For fiscal 2002/2003, P&G’s sales rose 8%, volume rose 8% and net earnings and net earning a share each were up 19%. Core net earnings, which exclude restructuring charges, were up 13%. Core diluted net earnings a share, which exclude restructuring charges, were up 14%.
“We’ve generated nearly $17 billion in free cash flow since fiscal 2000—two and half times the amount generated in the prior three years,” said Mr. Lafley. “P&G is performing like a leading company again.”
Mr. Lafley pointed out that in fiscal 2000, P&G brands were growing share in categories representing less than 40% of company sales. During the last six months of fiscal year 2003, shares grew in categories accounting for nearly 90% of sales.
“Building global share at this level is unprecedented in P&G history,” Mr. Lafley said. “It confirms that P&G’s business strategies are working and P&G people around the world are executing with excellence. P&G men and women are distinguishing themselves as one of the strongest generations of leaders in P&G history.”
Mr. Lafley pointed out that 100% of the company’s 2002/2003 growth was organic, coming from core, established businesses. “Acquisitions are part of P&G’s overall growth strategy,” he said. “We’ll continue to make acquisitions when they fit P&G’s sustainable growth strategy and core capabilities. Some of these acquisitions have been and will be substantial—like Wella and Clairol—but the key drivers of sustained growth should come from core businesses, over the long term.”
P&G has delivered an annualized total shareholder return of nearly 17% during the past 20 years, ahead of both the Dow Jones Industrial Average and the S&P 500. Staying at peak performance requires focus on being the best in branding, innovation, and scale. These are key strengths that set P&G apart, Mr. Lafley said. “Three years ago, there were 10 P&G brands with a billion dollars or more in sales,” he pointed out. “Today, P&G has 13 billion dollar brands. Crest, Iams and Olay have joined the club.”

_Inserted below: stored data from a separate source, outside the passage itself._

(* For $r\ge 2$, the friendship graph $F_r=W(3,r)$ admits a weak IASI and its sparing number is $r$.
   Context: The friendship graph $F_r$ is obtained by joining $r$ copies of the cycle $C_3$ at a single common vertex; equivalently it is the windmill graph $W(3,r)$ ($r$ copies of $K_3$ sharing one vertex). Let $\mathbb{N}_0$ be the set of non-negative integers; for $A,B\subseteq\mathbb{N}_0$, $A+B=\{a+b:a\in A,b\in B\}$. An integer additive set-indexer (IASI) of a graph $G$ is an injective map $f:V(G)\to\mathcal{P}(\mathbb{N}_0)$ such that $f^+:E(G)\to\mathcal{P}(\mathbb{N}_0)$, $f^+(uv)=f(u)+f(v)$, is injective. A weak IASI is an IASI with $|f^+(uv)|=\max(|f(u)|,|f(v)|)$ for every edge $uv$. An edge $e$ is mono-indexed if $|f^+(e)|=1$. The sparing number $\varphi(G)$ is the minimum number of mono-indexed edges over all weak IASIs of $G$. *)

From mathcomp Require Import all_boot.
From mathcomp Require Import finmap.
Set Implicit Arguments. Unset Strict Implicit. Unset Printing Implicit Defensive.
Local Open Scope fset_scope.

(* Subsets of N0 are represented as finite sets of naturals. *)
Definition sumset (A B : {fset nat}) : {fset nat} :=
  [fset (a + b)%N | a in A, b in B].

(* A finite simple graph: vertex type V (a finType) with adjacency relation
   adj, assumed symmetric and irreflexive where needed. Edges are the
   unordered pairs [set u; v] with adj u v. *)
Definition is_edge (V : finType) (adj : rel V) (E : {set V}) : bool :=
  [exists u, exists v, adj u v && (E == [set u; v])].

Definition iasi (V : finType) (adj : rel V) (f : V -> {fset nat}) : Prop :=
  injective f /\
  (forall u v u' v' : V, adj u v -> adj u' v' ->
     sumset (f u) (f v) = sumset (f u') (f v') -> [set u; v] = [set u'; v']).

Definition weak_iasi (V : finType) (adj : rel V) (f : V -> {fset nat}) : Prop :=
  iasi adj f /\
  (forall u v : V, adj u v ->
     #|` sumset (f u) (f v)| = maxn #|` f u| #|` f v|).

Definition mono_count (V : finType) (adj : rel V) (f : V -> {fset nat}) : nat :=
  #|[set E : {set V} | is_edge adj E &&
     [exists u, exists v, (E == [set u; v]) && adj u v &&
        (#|` sumset (f u) (f v)| == 1%N)]]|.

Definition is_sparing_number (V : finType) (adj : rel V) (k : nat) : Prop :=
  (exists f, weak_iasi adj f /\ mono_count adj f = k) /\
  (forall f, weak_iasi adj f -> (k <= mono_count adj f)%N).

(* Friendship graph F_r = W(3, r): vertex 0 is the common vertex, and for
   1 <= i <= r the i-th triangle is {0, 2i-1, 2i}. *)
Definition friendship_adj (r : nat) : rel 'I_(r.*2.+1) :=
  fun u v => (u != v) &&
    [|| nat_of_ord u == 0%N, nat_of_ord v == 0%N
      | (nat_of_ord u).-1./2 == (nat_of_ord v).-1./2].
Arguments friendship_adj : clear implicits.

From mathcomp Require Import all_boot finmap zify.
Set Implicit Arguments. Unset Strict Implicit. Unset Printing Implicit Defensive.
Local Open Scope fset_scope.

(* If both ends of an edge carried labels with at least two elements, then with
   m = max f(u), n = max f(v) and some b < n in f(v), the sumset would contain
   the #|f(u)| elements a + b (a in f(u)) and also m + n, exceeding the weak
   bound.  So in a weak IASI at most one vertex of a triangle has a
   non-singleton label, and the edge between the two singleton-labelled
   vertices is mono-indexed.  The r blades of F_r are edge-disjoint triangles,
   which forces at least r mono-indexed edges.  Conversely, labelling the hub
   by {0, 1} and every other vertex v by {v} gives the edge sums {v, v+1} on
   the spokes and {4k+3} on the k-th outer edge, all distinct, so exactly the
   r outer edges are mono-indexed. *)

Lemma sumsetP (A B : {fset nat}) x :
  reflect (exists2 a, a \in A & exists2 b, b \in B & x = (a + b)%N)
          (x \in sumset A B).
Proof. by apply: (iffP idP) => [/imfset2P | ?]; last apply/imfset2P. Qed.
(* Take a palindrome [u] in [F] with [r <= |u|_R <= D r] and a word [v] over [T]
   spelling it with [|v| <= D f(D r)].  Let [U] spell [u] in the [a_i] (in the
   [b_i] if [eps' = -1]) and [V] spell [u^eps'] in [T]; the path is
   [U s_1^(-eps r) (s_2^eps' V)^r U^-1].  Since [s_1] commutes with the [a_i] and
   [b_i], and since for a palindrome [b(u) d(u) = y(u) z(u) x(u) y(u)^-1 = a(u)],
   we get [U s_2^eps' V = s_2^eps' U], so the path ends at [s_2^(eps' r)].  Along
   its three stages, the exponent of [s_1], the image [u] in [F_z], and the
   exponent of [s_2] have length at least [r]; each is read off through a
   retraction of [G_2] onto a free group, which does not increase word length.
   The path has length [2|u| + r(|v| + 2) <= N_2 r (f(N_2 r) + 1)] for
   [N_2 = 2 D + 2]. *)

Lemma linvK (A : Type) : involutive (@linv A).
Proof. by case=> a b; rewrite /linv /= negbK. Qed.

Definition winv (A : Type) (w : seq (letter A)) : seq (letter A) :=
  rev (map (@linv A) w).

Lemma winvK (A : Type) : involutive (@winv A).
Proof. by move=> w; rewrite /winv map_rev revK -map_comp (eq_map (@linvK A)) map_id. Qed.

Lemma size_winv (A : Type) (w : seq (letter A)) : size (winv w) = size w.
Proof. by rewrite size_rev size_map. Qed.

Lemma wmap_winv (A B : Type) (phi : B -> A) w : wmap phi (winv w) = winv (wmap phi w).
Proof. by rewrite /wmap /winv map_rev -!map_comp. Qed.

Section FreeReduction.
Variable K : eqType.

Definition nocancel (x y : letter K) := y != linv x.

(* The stack [s] stores a freely reduced word in reverse order, so that
   [foldl push_letter s w] is the free reduction of [rev s ++ w], reversed. *)
Definition push_letter (s : seq (letter K)) (a : letter K) :=
  if s is c :: s' then (if c == linv a then s' else a :: s) else [:: a].

Lemma eq_linvC (x y : letter K) : (x == linv y) = (y == linv x).
Proof. by apply/eqP/eqP => ->; rewrite linvK. Qed.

Creating new brands and categories is also a focus. According to Information Resources Inc. three of the top 10 non-food products introduced in the U.S. last year were P&G products. P&G is multiplying its innovative capability with a “connect and develop” strategy that links P&G with external innovation partners. Mr. Lafley stated, “Our vision is that 50% of all P&G discovery and invention could come from outside the company.”
Mr. Lafley commented that another key strength is scale. “We’re the global leader in all of our four core businesses: laundry, baby care, hair care and feminine protection. With leadership comes scale economics. The company is building even more scale advantage with P&G’s global organization design, and is starting to see the full benefits of this unique structure. The benefits are tangible,” Mr. Lafley said.